あくまで自分がプレイした範囲での話であるが、リリースされたソフトラインナップの中でバーチャルボーイの特色である立体視を余すことなく用いたと言い切れる作品は上述した『テレロボクサー』『レッドアラーム』以外だと、せいぜい3D版マリオブラザーズの『マリオクラッシュ』くらいしか思いつかない。
『バーティカルフォース』や『アワゾンの秘宝』、メガテンやペルソナでお馴染みジャックフロストのアクション『ジャックブラザーズ』などは非常にクオリティの高い作品ではあるのだが、ぶっちゃけ立体視が無くても普通に成立しているため、『バーチャルボーイならでは』かと言われるとちょっと違うと感じてしまう。
(もちろん立体視が輝くシーンはこれらの作品にもある)
他にもバーチャルボーイ版テトリスの『V-テトリス』や『とびだせ!ぱにボン』は特にその傾向が強く、基本システムどころか画面の表示までごくごく普通の2D落ちものパズルであるため、バーチャルボーイである必然性をそこまで感じないのが悲しいところ。前者はループテトリスと呼ばれるオリジナルルールでなんとか差別化を図っているものの、後者はホントにただの落ちものパズルである。
(ただし『ぱにボン』はグラフィックのクオリティが非常に高いのでそちら目当てで遊ぶのはアリ)
ただ、立体視の活用に限って話を進めた場合このような印象になるというだけなので、実際にはいずれのゲームにもしっかりした見どころは用意されている。体感だが『バーチャルボーイのゲームに大当たりはあっても大ハズレはない』という感想である。

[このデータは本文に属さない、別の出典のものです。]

(* Let $n,k,l$ be positive integers with $1\le l\le k$ and $l\le n-k$. Then for every $x\in[0,1)$, $$\frac{1-\sum_{i=1}^{l}\binom{n-k}{l-i}x^{(n-k)-(l-i)}(1-x)^{l-i}}{1-\sum_{i=1}^{l}\binom{n}{l-i}x^{n-(l-i)}(1-x)^{l-i}}\ \ge\ \frac{\binom{n-k}{l}}{\binom{n}{l}}.$$
   Context: $\binom{m}{j}$ denotes the binomial coefficient. *)

From mathcomp Require Import all_boot all_order all_algebra.
Set Implicit Arguments. Unset Strict Implicit. Unset Printing Implicit Defensive.
Import Order.TTheory GRing.Theory Num.Theory.
Local Open Scope ring_scope.

Definition tailsum (R : realFieldType) (m l : nat) (x : R) : R :=
  \sum_(1 <= i < l.+1) ('C(m, l - i))%:R * x ^+ (m - (l - i)) * (1 - x) ^+ (l - i).

(* Let [S m] be the probability of at least [l] failures in [m] Bernoulli
   trials with failure probability [1 - x]; the quotients in the statement
   are [S (n - k) / S n] and [C(n-k, l) / C(n, l)], so it suffices that
   [S m / C(m, l)] is nonincreasing in [m >= l].  Now
   [S (m+1) = S m + C(m, l-1) x^(m-l+1) (1-x)^l] (trial [m+1] is the [l]-th
   failure), and [C(m, l) x^(m-l+1) (1-x)^l <= S m] (it is [x] times the
   probability of exactly [l] failures), hence
   [C(m, l) S (m+1) <= (C(m, l) + C(m, l-1)) S m = C(m+1, l) S m]. *)
From mathcomp Require Import all_boot all_order all_algebra.
From mathcomp Require Import zify ring.
Set Implicit Arguments. Unset Strict Implicit. Unset Printing Implicit Defensive.
Import Order.TTheory GRing.Theory Num.Theory.
Local Open Scope ring_scope.

Lemma binr_gt0 (R : numDomainType) (m j : nat) : (j <= m)%N -> 0 < ('C(m, j))%:R :> R.
Proof. by move=> le_jm; rewrite ltr0n bin_gt0. Qed.

Definition bin_cdf {R : comPzRingType} (m L : nat) (x : R) : R :=
  \sum_(j < L.+1) ('C(m, j))%:R * x ^+ (m - j) * (1 - x) ^+ j.

Lemma tailsum_bin_cdf (R : realFieldType) (m L : nat) (x : R) :
  tailsum m L.+1 x = bin_cdf m L x.
Proof.
rewrite /tailsum big_add1 /= big_mkord (reindex_inj rev_ord_inj) /=.
apply: eq_bigr => i _.
by have -> : (L.+1 - (L.+1 - i.+1).+1 = i)%N by have := ltn_ord i; lia.
Qed.

Section BinCdf.
Variables (R : comPzRingType) (L : nat) (x : R).

Lemma bin_cdf_diag : bin_cdf L L x = 1.
Proof.
have := exprDn x (1 - x) L; rewrite addrC subrK expr1n => ->.
by apply: eq_bigr => i _; rewrite -mulrA mulr_natl.
Qed.

(* Split the first [L.+1] terms of [bin_cdf m.+1 L x] by Pascal's rule and
   compare with [x * bin_cdf m L x + (1 - x) * bin_cdf m L x]. *)
Lemma bin_cdfS m :
  bin_cdf m.+1 L x = bin_cdf m L x - ('C(m, L))%:R * x ^+ (m - L) * (1 - x) ^+ L.+1.
Proof.
set y := 1 - x; set T := bin_cdf m L x.
set A := \sum_(i < L) ('C(m, i.+1))%:R * x ^+ (m - i) * y ^+ i.+1.
set B := \sum_(i < L) ('C(m, i))%:R * x ^+ (m - i) * y ^+ i.+1.
have pascal : bin_cdf m.+1 L x = x ^+ m.+1 + (A + B).
  rewrite /bin_cdf big_ord_recl /= bin0 subn0 expr0 mul1r mulr1 -big_split /=.
  congr (_ + _); apply: eq_bigr => i _.
  by rewrite binS natrD subSS mulrDl mulrDl /bump /= ?add1n.
have xT : x * T = x ^+ m.+1 + A.
  rewrite /T /bin_cdf big_ord_recl mulrDr mulr_sumr /= bin0 subn0 expr0 mul1r.
  rewrite mulr1 -exprS; congr (_ + _); apply: eq_bigr => i _; rewrite /bump /=.
  have [ltim|leim] := ltnP i m.
    have -> : (m - i = (m - i.+1).+1)%N by lia.
    by rewrite [x ^+ (m - i.+1).+1]exprS !mulrA [x * _]mulrC.
  by rewrite bin_small ?ltnS // mulr0n !mul0r mulr0.
have yT : y * T = B + ('C(m, L))%:R * x ^+ (m - L) * y ^+ L.+1.
  rewrite /T /bin_cdf big_ord_recr mulrDr mulr_sumr /=.
  by congr (_ + _); [apply: eq_bigr => i _|]; rewrite exprS; ring.
have -> : T = x * T + y * T by rewrite -mulrDl /y addrC subrK mul1r.
by rewrite pascal xT yT; ring.
Qed.

End BinCdf.

Section UpperTail.
Variables (R : realFieldType) (L : nat) (x : R).
Hypotheses (x_ge0 : 0 <= x) (x_lt1 : x < 1).

Let S m := 1 - bin_cdf m L x.
Let D m := ('C(m, L))%:R * x ^+ (m - L) * (1 - x) ^+ L.+1.

Let y_gt0 : 0 < 1 - x. Proof. by rewrite subr_gt0. Qed.

Let term_ge0 c m : 0 <= c%:R * x ^+ m * (1 - x) ^+ L.+1.
Proof. by rewrite !mulr_ge0 ?ler0n ?exprn_ge0 // ltW. Qed.

Lemma upper_tailS m : S m.+1 = S m + D m.
Proof. by rewrite /S /D bin_cdfS; ring. Qed.

Lemma upper_tail_ge m :
  (L <= m)%N -> ('C(m, L.+1))%:R * x ^+ (m - L) * (1 - x) ^+ L.+1 <= S m.
Proof.
have upper_tail_diag : S L = 0 by rewrite /S bin_cdf_diag subrr.
elim: m => [|m IH].
  by rewrite leqn0 => /eqP <-; rewrite bin_small // !mul0r upper_tail_diag.
rewrite leq_eqVlt => /predU1P [<-|ltLm].
  by rewrite bin_small // !mul0r upper_tail_diag.
have {}IH := IH ltLm; rewrite upper_tailS /D binS natrD.
have -> : (m.+1 - L = (m - L).+1)%N by lia.
set c1 := ('C(m, L.+1))%:R in IH *; set c2 := ('C(m, L))%:R.
set p := x ^+ (m - L) in IH *; set q := (1 - x) ^+ L.+1 in IH *.
have -> : (c1 + c2) * x ^+ (m - L).+1 * q = x * (c1 * p * q + c2 * p * q).
  by rewrite exprS /p; ring.
have c12_ge0 : 0 <= c1 * p * q + c2 * p * q by rewrite addr_ge0 ?term_ge0.
by apply: le_trans (ler_piMl c12_ge0 (ltW x_lt1)) _; rewrite lerD2r.
Qed.

Lemma upper_tail_gt0 m : (L < m)%N -> 0 < S m.
Proof.
elim: m => // m IH; rewrite ltnS leq_eqVlt => /predU1P [<-|ltLm].
  rewrite upper_tailS /S /D bin_cdf_diag subrr add0r subnn expr0 mulr1 binn.
  by rewrite mul1r exprn_gt0.
by rewrite upper_tailS; apply: lt_le_trans (IH ltLm) _; rewrite lerDl term_ge0.
Qed.

Lemma upper_tail_ratioS m : (L < m)%N ->
  S m.+1 / ('C(m.+1, L.+1))%:R <= S m / ('C(m, L.+1))%:R.
Proof.
move=> ltLm; have ltLm1 : (L < m.+1)%N by apply: ltnW.
rewrite ler_pdivrMr ?binr_gt0 // mulrAC ler_pdivlMr ?binr_gt0 //.
have := ler_wpM2l (ler0n R 'C(m, L)) (upper_tail_ge (ltnW ltLm)).
rewrite upper_tailS /D binS natrD.
set c1 := ('C(m, L.+1))%:R; set c2 := ('C(m, L))%:R.
set p := x ^+ (m - L); set q := (1 - x) ^+ L.+1 => le_c2.
have -> : (S m + c2 * p * q) * c1 = S m * c1 + c2 * (c1 * p * q) by ring.
by rewrite mulrDr lerD2l [S m * c2]mulrC.
Qed.

Lemma upper_tail_ratio_nonincr m d : (L < m)%N ->
  S (m + d) / ('C(m + d, L.+1))%:R <= S m / ('C(m, L.+1))%:R.
Proof.
move=> ltLm; elim: d => [|d IH]; first by rewrite addn0.
rewrite addnS; apply: le_trans IH.
by apply: upper_tail_ratioS; rewrite ltn_addr.
Qed.

End UpperTail.

Theorem lemma6 (R : realFieldType) (n k l : nat) (x : R) :
  (0 < n)%N -> (0 < k)%N -> (0 < l)%N -> (1 <= l <= k)%N -> (l <= n - k)%N ->
  0 <= x < 1 ->
  ('C(n - k, l))%:R / ('C(n, l))%:R
    <= (1 - tailsum (n - k) l x) / (1 - tailsum n l x).
Proof.
move=> _ _ l_gt0 /andP [_ le_lk] le_lnk /andP [x_ge0 x_lt1].
case: l l_gt0 le_lk le_lnk => // L _ ltLk ltLnk; rewrite !tailsum_bin_cdf.
have ltLn : (L < n)%N by lia.
have := upper_tail_ratio_nonincr x_ge0 x_lt1 k ltLnk.
rewrite subnK; last by lia.
rewrite ler_pdivrMr ?binr_gt0 // mulrAC ler_pdivlMr ?binr_gt0 // => ratio_le.
rewrite ler_pdivrMr ?binr_gt0 // mulrAC ler_pdivlMr ?(upper_tail_gt0 x_ge0 x_lt1) //.
by rewrite mulrC.
Qed.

バーチャルボーイのソフトは2020年現在未だにミニ系ハード(本体仕様的に無理)やVC(立体視の再現が無理)での復刻が一切行われておらず、今から遊ぶ場合どうしても実機の環境を一から揃える必要がある。
実機から揃えるのがやや面倒という気持ちもわからないでもないが、ゲーマーとしてこのバーチャルボーイの未来感ある経験を楽しめないのは大損とも言っていいので、ここは勇気を出してバーチャルボーイに手を出してみてほしい。
ちなみに、バーチャルボーイのソフト自体の価格はマイナーハードにしては安価であり、大体5000円くらいあれば有名どころのタイトルを一式揃えることができるほどコスパが良い。

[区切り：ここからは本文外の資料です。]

Lemma env_list_forall {X} (P : X -> Prop) K d l : P d ->
  (forall r, In r l -> forall i, K <= i -> P (snd r i)) -> forall i, P (env_list K d l i).
Proof.
  intros Hd; induction l as [|r l IH]; intros Hl i; simpl; auto.
  apply interleave_forall; auto.
  - apply Hl; left; auto.
  - intros j _; apply IH; intros; apply Hl; auto; right; auto.
Qed.

(** * Presburger arithmetic *)

Definition FLe (t u : term) : formula := FOr (FLt t u) (FEq t u).

Lemma sat_FLe M e i j : sat M e (FLe (TVar i) (TVar j)) <-> le M (e i) (e j).
Proof. reflexivity. Qed.

Fixpoint tnumeral (n : nat) : term :=
  match n with 0 => TZero | S n => TAdd (tnumeral n) TOne end.

Lemma eval_tnumeral M e n : eval M e (tnumeral n) = numeral M n.
Proof. induction n; simpl; congruence. Qed.

Lemma numeral_Z n : numeral Zstr n = Z.of_nat n.
Proof. induction n; [reflexivity|]. change (numeral Zstr n + 1 = Z.of_nat (S n))%Z. lia. Qed.

Definition env_of {M : PStruct} (xs : list (car M)) : nat -> car M :=
  fun i => nth i xs (zero M).

(* [p] must be valid in Z (checked by [lia]); its instance at [xs] closes the goal. *)
Ltac presburger HM p xs :=
  let H := fresh in
  pose proof (HM p ltac:(intro; simpl; lia) (env_of xs)) as H;
  simpl in H; unfold le; tauto.

Section Order.
Variable M : PStruct.
Hypothesis HM : presburger_model M.

Lemma lt_add1_of_le x y : le M x y -> lt M x (add M y (one M)).
Proof.
  presburger HM (FOr (FNot (FLe (TVar 0) (TVar 1))) (FLt (TVar 0) (TAdd (TVar 1) TOne))) [x; y].
Qed.

Lemma lt_of_lt_of_nlt x y z : ~ lt M y z -> lt M x z -> lt M x y.
Proof.
  presburger HM (FOr (FLt (TVar 1) (TVar 2))
                     (FOr (FNot (FLt (TVar 0) (TVar 2))) (FLt (TVar 0) (TVar 1)))) [x; y; z].
Qed.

(コレクター精神を出すと一部のプレミアソフトが洒落にならず死ぬので注意)
本体を入手するのが今の時代だと若干ハードルが高いが、そのハードルさえ乗り越えれば(当時の)近未来のゲーム感覚を余すことなく体験することができるのが魅力とも言えよう。
バーチャルボーイは任天堂ハードとしてはビックリするほど売れず(黒字にはなったらしい)、世間からもネタ扱いされることが非常に多いなんとも残念なハードではあるが、一方で立体視が魅力的だったのもまた事実。
実際、この経験を活かし、任天堂は2011年にかの名ハード『ニンテンドー3DS』を発売しているため、バーチャルボーイの存在意義は間違いなくあったのだろう。
任天堂の新時代の礎となった夢溢れる名機『バーチャルボーイ』、25周年のこの機会に手に取ってみてプレイしてみるのもいいと思うのである!